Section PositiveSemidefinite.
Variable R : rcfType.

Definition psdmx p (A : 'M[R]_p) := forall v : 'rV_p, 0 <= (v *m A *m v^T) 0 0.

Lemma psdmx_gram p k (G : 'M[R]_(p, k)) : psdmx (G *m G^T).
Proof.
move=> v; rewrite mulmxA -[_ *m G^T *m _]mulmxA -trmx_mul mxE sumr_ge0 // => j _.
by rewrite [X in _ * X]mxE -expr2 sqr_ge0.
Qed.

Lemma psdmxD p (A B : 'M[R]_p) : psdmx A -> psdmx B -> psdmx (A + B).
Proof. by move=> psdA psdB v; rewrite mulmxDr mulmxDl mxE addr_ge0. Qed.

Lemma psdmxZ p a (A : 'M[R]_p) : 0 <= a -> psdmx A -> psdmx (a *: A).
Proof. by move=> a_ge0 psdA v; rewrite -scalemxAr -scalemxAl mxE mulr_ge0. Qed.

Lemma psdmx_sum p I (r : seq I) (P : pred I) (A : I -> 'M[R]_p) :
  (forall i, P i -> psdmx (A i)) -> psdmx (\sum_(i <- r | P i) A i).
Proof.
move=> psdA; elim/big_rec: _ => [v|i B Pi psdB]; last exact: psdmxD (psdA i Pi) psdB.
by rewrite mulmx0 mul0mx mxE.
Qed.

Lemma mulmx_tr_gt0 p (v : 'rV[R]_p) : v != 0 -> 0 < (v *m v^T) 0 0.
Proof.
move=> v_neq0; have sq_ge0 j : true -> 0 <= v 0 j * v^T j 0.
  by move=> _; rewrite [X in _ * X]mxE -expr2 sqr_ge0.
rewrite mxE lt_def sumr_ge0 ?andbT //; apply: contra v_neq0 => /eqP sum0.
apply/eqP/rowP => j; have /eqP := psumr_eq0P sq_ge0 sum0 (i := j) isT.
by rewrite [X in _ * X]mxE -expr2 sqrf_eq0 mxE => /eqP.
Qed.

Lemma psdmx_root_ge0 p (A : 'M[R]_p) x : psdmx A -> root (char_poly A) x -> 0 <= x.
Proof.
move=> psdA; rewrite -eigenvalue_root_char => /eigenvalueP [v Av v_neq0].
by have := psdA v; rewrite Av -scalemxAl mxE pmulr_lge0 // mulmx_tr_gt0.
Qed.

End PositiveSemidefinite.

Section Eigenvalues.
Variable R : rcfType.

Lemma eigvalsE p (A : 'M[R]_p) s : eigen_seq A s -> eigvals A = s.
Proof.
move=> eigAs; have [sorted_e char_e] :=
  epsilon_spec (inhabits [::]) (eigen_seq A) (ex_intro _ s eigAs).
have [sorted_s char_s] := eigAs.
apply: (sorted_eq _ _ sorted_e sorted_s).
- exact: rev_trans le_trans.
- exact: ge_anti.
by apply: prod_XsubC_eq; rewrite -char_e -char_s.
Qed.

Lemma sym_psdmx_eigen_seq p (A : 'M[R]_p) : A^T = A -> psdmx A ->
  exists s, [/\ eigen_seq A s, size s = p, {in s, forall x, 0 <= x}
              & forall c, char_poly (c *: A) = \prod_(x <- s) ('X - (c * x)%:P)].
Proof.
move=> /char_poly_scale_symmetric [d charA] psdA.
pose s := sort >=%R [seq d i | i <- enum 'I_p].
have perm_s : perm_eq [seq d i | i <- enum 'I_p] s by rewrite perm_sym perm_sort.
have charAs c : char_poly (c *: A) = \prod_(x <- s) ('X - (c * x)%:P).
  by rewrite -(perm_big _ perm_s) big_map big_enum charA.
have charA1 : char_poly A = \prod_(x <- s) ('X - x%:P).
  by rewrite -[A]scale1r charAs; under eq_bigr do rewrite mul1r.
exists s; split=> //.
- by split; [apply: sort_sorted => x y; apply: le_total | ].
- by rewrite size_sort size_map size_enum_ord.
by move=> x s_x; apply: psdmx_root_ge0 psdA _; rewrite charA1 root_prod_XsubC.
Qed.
====
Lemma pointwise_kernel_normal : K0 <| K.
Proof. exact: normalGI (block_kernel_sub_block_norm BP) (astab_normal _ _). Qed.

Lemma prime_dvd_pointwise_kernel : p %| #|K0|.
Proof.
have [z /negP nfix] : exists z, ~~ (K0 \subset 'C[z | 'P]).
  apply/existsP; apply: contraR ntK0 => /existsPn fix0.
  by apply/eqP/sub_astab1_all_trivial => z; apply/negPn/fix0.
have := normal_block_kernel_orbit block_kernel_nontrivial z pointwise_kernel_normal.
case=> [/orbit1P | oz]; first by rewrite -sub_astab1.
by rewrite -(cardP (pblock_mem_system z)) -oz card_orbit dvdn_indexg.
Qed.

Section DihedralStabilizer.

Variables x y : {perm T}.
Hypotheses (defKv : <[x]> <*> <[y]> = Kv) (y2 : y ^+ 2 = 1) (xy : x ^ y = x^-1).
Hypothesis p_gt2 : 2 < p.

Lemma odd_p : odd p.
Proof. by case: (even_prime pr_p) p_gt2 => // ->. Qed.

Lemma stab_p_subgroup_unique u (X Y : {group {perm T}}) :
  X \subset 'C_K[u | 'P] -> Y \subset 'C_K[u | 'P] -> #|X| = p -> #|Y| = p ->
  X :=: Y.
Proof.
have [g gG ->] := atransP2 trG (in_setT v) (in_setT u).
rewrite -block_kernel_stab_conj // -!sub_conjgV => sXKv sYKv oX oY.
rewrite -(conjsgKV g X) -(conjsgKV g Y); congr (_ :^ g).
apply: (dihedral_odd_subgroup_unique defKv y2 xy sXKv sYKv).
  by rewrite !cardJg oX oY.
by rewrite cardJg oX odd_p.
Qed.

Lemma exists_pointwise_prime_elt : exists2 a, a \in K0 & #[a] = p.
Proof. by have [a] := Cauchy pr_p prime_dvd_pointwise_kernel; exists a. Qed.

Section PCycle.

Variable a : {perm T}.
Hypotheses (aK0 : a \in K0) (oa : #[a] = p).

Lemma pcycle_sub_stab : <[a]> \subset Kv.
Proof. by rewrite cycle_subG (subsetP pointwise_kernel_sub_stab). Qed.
====
§ Task directions
Set down, unchanged, only those lines above that fall between the line with "End PositiveSemidefinite." and the line with "exists s, [/\", the two end lines included.

§ Exercise output
End PositiveSemidefinite.

Section Eigenvalues.
Variable R : rcfType.

Lemma eigvalsE p (A : 'M[R]_p) s : eigen_seq A s -> eigvals A = s.
Proof.
move=> eigAs; have [sorted_e char_e] :=
  epsilon_spec (inhabits [::]) (eigen_seq A) (ex_intro _ s eigAs).
have [sorted_s char_s] := eigAs.
apply: (sorted_eq _ _ sorted_e sorted_s).
- exact: rev_trans le_trans.
- exact: ge_anti.
by apply: prod_XsubC_eq; rewrite -char_e -char_s.
Qed.

Lemma sym_psdmx_eigen_seq p (A : 'M[R]_p) : A^T = A -> psdmx A ->
  exists s, [/\ eigen_seq A s, size s = p, {in s, forall x, 0 <= x}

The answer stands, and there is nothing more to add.